ACTIVITY> Please take the records that follow and repeat exactly the lines starting with the line with "x0 \in var_class (tnth (ctup d) i) ->" and going on through the line with "move=> S_gt0; rewrite".

Start of Block

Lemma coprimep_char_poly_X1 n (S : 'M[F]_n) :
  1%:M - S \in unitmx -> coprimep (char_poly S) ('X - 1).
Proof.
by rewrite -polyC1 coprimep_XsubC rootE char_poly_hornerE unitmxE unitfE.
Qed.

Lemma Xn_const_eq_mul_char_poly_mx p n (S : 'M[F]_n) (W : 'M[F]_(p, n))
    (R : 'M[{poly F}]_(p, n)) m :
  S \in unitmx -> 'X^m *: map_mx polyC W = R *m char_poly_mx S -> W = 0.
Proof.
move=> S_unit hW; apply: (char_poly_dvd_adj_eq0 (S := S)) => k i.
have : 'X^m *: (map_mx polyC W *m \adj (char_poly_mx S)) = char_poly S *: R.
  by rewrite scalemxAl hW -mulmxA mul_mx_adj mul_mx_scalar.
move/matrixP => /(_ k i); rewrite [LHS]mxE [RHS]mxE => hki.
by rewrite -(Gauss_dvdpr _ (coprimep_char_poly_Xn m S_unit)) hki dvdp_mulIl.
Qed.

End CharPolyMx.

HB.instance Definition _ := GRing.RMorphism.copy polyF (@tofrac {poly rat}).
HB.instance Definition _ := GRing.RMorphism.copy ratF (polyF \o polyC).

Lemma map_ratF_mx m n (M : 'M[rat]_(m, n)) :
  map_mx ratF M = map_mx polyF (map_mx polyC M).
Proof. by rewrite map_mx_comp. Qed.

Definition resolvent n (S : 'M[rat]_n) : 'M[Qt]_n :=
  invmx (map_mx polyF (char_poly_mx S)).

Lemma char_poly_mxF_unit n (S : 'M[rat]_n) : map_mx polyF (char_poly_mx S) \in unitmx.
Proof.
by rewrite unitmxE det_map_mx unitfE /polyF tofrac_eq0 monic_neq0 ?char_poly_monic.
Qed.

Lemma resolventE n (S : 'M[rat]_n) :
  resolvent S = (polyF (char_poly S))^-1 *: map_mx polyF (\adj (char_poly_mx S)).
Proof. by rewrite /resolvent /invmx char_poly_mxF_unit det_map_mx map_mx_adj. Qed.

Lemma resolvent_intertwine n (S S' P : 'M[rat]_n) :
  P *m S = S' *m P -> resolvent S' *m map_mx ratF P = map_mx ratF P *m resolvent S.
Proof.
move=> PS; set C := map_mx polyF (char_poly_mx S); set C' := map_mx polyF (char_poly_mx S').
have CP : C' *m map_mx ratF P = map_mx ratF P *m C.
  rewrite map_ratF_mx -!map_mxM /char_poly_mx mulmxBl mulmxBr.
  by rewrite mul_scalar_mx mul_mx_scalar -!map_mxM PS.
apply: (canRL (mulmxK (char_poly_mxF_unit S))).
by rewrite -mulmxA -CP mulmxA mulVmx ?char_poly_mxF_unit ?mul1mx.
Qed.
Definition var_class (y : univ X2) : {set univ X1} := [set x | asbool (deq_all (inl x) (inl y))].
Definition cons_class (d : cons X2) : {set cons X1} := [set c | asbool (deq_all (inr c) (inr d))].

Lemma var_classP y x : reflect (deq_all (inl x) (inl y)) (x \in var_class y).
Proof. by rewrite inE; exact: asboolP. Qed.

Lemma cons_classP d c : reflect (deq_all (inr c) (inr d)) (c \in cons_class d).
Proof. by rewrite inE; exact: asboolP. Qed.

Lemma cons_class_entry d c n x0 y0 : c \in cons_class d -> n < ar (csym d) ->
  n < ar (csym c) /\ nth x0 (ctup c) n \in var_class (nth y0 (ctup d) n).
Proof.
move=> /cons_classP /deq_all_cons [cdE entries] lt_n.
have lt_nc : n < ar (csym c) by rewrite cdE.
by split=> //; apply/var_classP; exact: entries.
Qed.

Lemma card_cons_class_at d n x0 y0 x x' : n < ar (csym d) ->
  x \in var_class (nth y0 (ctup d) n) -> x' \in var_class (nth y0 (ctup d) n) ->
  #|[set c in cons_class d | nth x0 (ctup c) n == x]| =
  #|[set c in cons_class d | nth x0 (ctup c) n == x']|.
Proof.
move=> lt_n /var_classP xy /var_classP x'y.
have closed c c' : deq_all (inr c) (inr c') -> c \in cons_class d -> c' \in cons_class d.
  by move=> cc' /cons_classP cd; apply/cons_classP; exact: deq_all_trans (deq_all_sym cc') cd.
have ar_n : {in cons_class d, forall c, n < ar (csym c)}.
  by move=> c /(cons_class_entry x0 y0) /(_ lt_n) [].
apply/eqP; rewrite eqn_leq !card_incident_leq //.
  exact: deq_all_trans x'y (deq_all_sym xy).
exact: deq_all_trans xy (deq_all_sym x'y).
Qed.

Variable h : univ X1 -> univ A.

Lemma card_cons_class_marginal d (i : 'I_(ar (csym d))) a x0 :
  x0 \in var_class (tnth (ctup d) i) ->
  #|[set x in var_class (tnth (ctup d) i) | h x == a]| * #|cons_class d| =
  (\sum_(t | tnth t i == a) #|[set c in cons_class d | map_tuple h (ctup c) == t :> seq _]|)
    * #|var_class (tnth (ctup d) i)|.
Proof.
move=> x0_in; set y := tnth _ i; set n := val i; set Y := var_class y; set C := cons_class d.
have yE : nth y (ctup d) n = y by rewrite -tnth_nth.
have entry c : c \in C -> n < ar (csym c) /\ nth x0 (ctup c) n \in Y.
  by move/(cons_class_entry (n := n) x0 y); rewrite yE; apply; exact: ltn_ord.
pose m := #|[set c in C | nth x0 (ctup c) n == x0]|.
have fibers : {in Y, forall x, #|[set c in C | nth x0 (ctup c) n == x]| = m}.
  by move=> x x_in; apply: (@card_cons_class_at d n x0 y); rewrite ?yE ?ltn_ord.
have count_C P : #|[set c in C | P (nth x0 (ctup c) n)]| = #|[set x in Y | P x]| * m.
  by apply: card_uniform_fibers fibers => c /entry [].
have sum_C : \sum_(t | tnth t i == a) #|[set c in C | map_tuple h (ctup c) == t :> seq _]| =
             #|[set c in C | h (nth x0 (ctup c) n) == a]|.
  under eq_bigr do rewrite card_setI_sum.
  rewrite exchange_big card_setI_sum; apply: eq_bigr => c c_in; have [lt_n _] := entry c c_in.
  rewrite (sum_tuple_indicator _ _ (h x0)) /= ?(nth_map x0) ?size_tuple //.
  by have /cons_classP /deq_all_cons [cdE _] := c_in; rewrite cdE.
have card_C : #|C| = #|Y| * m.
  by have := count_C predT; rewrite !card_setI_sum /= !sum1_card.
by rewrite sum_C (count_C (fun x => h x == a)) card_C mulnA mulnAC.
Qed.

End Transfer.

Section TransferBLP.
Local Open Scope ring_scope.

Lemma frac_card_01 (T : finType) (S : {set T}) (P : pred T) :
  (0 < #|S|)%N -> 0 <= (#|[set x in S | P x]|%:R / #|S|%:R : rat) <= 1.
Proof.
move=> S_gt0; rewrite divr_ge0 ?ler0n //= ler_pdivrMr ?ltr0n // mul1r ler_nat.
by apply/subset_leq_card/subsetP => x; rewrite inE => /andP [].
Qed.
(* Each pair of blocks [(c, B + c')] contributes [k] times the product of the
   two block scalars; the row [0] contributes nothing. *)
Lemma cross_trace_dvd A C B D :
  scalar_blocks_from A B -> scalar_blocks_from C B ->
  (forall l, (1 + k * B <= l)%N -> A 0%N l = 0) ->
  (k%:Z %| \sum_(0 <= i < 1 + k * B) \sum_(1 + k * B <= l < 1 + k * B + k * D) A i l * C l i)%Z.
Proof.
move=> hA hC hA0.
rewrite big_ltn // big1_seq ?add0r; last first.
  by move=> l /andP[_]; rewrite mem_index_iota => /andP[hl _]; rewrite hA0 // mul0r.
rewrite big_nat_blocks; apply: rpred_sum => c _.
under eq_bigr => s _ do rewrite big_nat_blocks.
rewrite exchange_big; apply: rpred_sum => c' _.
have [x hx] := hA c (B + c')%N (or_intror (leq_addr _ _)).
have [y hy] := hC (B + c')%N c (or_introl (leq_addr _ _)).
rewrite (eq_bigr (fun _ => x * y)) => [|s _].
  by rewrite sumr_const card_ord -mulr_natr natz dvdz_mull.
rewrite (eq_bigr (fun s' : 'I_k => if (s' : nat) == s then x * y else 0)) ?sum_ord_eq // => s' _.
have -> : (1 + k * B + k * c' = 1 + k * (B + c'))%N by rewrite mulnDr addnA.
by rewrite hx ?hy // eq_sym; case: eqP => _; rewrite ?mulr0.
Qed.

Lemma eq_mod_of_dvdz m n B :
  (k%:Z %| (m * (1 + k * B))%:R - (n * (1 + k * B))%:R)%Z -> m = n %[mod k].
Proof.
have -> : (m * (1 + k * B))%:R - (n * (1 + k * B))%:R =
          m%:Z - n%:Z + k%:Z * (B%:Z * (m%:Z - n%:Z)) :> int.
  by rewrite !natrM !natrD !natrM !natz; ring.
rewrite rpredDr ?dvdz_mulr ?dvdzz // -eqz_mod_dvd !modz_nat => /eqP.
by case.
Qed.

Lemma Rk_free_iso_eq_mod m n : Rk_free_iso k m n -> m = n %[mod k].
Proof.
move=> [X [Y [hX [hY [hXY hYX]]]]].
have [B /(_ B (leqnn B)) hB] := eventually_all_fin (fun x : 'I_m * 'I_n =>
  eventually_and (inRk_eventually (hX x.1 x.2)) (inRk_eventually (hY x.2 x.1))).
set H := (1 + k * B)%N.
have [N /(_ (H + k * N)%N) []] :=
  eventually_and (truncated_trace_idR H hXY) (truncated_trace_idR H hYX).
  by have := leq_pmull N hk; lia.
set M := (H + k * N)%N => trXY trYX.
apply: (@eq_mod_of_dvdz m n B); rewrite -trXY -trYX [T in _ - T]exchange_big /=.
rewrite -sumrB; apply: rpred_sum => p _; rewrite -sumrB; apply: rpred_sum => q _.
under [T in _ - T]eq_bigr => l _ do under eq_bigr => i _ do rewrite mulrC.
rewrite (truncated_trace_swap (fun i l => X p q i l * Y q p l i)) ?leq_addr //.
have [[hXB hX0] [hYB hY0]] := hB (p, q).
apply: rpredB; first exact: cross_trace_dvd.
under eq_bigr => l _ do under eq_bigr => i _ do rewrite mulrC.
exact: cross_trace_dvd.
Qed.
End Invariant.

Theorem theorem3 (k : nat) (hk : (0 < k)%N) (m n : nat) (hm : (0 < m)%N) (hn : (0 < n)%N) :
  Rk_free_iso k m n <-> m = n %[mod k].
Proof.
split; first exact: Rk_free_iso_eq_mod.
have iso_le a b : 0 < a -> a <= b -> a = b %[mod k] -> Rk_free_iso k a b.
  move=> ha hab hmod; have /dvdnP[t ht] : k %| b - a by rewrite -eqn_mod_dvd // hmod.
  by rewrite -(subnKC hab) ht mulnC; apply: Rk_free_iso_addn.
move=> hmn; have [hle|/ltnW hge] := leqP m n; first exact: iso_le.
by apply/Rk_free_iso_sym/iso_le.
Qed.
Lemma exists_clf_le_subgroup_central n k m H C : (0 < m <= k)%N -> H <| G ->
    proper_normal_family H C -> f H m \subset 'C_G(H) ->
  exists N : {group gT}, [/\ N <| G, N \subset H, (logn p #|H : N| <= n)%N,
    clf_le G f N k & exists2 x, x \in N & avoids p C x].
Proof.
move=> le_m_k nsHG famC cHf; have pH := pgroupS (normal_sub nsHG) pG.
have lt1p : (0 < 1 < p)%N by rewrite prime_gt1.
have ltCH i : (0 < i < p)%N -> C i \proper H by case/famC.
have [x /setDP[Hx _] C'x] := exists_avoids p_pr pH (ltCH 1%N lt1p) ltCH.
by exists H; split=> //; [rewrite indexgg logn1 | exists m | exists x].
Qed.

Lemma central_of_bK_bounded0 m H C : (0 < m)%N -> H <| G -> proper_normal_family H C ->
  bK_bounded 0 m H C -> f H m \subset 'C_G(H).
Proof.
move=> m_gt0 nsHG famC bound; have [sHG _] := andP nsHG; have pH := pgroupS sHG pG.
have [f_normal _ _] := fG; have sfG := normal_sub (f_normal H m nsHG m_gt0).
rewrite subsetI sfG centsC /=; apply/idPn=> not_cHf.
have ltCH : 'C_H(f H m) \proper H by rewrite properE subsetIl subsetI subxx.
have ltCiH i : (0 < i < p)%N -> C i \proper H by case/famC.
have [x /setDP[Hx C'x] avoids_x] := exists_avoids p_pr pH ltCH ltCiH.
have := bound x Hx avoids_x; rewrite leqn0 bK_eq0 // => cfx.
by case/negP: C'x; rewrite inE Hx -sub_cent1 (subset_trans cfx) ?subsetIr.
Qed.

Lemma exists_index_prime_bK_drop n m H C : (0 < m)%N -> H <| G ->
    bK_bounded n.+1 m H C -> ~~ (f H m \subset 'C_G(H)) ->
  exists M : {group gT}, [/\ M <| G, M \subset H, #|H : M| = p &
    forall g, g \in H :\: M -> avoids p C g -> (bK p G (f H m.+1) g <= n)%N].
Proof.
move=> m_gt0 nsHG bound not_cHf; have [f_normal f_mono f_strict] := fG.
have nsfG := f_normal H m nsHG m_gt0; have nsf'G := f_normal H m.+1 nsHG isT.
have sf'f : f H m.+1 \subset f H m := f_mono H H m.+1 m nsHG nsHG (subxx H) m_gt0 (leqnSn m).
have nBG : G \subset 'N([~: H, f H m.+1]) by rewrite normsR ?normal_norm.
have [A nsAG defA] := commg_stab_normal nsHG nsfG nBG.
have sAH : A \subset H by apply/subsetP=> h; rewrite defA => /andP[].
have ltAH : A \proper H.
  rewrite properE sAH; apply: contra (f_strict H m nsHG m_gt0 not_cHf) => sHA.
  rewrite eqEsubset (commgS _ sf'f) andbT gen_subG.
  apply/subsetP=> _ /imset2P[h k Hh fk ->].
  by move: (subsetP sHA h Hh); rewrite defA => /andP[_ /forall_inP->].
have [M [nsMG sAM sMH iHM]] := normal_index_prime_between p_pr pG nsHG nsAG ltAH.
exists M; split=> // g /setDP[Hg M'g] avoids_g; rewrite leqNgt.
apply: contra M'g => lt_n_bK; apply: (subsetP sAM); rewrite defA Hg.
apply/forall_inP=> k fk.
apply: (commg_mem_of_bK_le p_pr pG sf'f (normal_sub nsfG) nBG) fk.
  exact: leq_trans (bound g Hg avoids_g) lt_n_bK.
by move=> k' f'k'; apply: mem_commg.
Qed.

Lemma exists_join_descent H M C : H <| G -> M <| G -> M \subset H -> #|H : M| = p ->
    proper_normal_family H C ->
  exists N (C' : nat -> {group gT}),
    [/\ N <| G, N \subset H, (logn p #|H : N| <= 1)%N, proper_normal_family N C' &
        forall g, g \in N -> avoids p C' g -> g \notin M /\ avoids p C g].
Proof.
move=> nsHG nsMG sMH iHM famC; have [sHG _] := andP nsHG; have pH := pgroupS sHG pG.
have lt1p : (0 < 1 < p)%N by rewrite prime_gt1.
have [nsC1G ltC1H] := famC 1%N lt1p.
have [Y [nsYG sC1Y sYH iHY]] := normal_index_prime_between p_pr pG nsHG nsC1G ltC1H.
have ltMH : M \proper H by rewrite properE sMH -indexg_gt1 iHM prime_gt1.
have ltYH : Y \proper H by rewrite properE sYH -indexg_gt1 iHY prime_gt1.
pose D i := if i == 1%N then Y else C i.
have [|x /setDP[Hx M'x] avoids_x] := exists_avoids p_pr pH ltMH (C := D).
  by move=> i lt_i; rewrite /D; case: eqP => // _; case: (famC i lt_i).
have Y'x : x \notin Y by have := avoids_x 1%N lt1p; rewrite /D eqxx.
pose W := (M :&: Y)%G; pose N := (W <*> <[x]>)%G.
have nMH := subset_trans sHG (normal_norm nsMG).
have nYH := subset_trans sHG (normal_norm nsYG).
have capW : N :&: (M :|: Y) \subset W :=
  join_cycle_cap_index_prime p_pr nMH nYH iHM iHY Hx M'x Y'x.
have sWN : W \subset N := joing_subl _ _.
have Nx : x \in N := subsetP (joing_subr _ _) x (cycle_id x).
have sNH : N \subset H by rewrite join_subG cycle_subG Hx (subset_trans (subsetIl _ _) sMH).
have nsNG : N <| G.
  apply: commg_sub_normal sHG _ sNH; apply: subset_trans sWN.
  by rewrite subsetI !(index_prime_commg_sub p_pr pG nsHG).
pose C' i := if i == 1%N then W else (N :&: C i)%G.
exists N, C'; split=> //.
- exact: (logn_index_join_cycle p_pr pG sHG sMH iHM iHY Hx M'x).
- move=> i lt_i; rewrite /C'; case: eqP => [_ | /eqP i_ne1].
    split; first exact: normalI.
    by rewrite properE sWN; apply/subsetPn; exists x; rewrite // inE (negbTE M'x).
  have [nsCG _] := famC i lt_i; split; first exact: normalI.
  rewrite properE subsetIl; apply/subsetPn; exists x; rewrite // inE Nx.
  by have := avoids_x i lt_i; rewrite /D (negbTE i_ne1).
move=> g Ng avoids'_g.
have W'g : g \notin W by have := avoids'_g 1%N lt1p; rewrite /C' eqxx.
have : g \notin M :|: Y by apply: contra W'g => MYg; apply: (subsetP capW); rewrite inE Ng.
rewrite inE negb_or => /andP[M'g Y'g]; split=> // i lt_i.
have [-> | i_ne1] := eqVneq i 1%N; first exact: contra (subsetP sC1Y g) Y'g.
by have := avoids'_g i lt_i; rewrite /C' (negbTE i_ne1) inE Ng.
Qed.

End of Block

THE COMPLETED TASK>
  x0 \in var_class (tnth (ctup d) i) ->
  #|[set x in var_class (tnth (ctup d) i) | h x == a]| * #|cons_class d| =
  (\sum_(t | tnth t i == a) #|[set c in cons_class d | map_tuple h (ctup c) == t :> seq _]|)
    * #|var_class (tnth (ctup d) i)|.
Proof.
move=> x0_in; set y := tnth _ i; set n := val i; set Y := var_class y; set C := cons_class d.
have yE : nth y (ctup d) n = y by rewrite -tnth_nth.
have entry c : c \in C -> n < ar (csym c) /\ nth x0 (ctup c) n \in Y.
  by move/(cons_class_entry (n := n) x0 y); rewrite yE; apply; exact: ltn_ord.
pose m := #|[set c in C | nth x0 (ctup c) n == x0]|.
have fibers : {in Y, forall x, #|[set c in C | nth x0 (ctup c) n == x]| = m}.
  by move=> x x_in; apply: (@card_cons_class_at d n x0 y); rewrite ?yE ?ltn_ord.
have count_C P : #|[set c in C | P (nth x0 (ctup c) n)]| = #|[set x in Y | P x]| * m.
  by apply: card_uniform_fibers fibers => c /entry [].
have sum_C : \sum_(t | tnth t i == a) #|[set c in C | map_tuple h (ctup c) == t :> seq _]| =
             #|[set c in C | h (nth x0 (ctup c) n) == a]|.
  under eq_bigr do rewrite card_setI_sum.
  rewrite exchange_big card_setI_sum; apply: eq_bigr => c c_in; have [lt_n _] := entry c c_in.
  rewrite (sum_tuple_indicator _ _ (h x0)) /= ?(nth_map x0) ?size_tuple //.
  by have /cons_classP /deq_all_cons [cdE _] := c_in; rewrite cdE.
have card_C : #|C| = #|Y| * m.
  by have := count_C predT; rewrite !card_setI_sum /= !sum1_card.
by rewrite sum_C (count_C (fun x => h x == a)) card_C mulnA mulnAC.
Qed.

End Transfer.

Section TransferBLP.
Local Open Scope ring_scope.

Lemma frac_card_01 (T : finType) (S : {set T}) (P : pred T) :
  (0 < #|S|)%N -> 0 <= (#|[set x in S | P x]|%:R / #|S|%:R : rat) <= 1.
Proof.
move=> S_gt0; rewrite divr_ge0 ?ler0n //= ler_pdivrMr ?ltr0n // mul1r ler_nat.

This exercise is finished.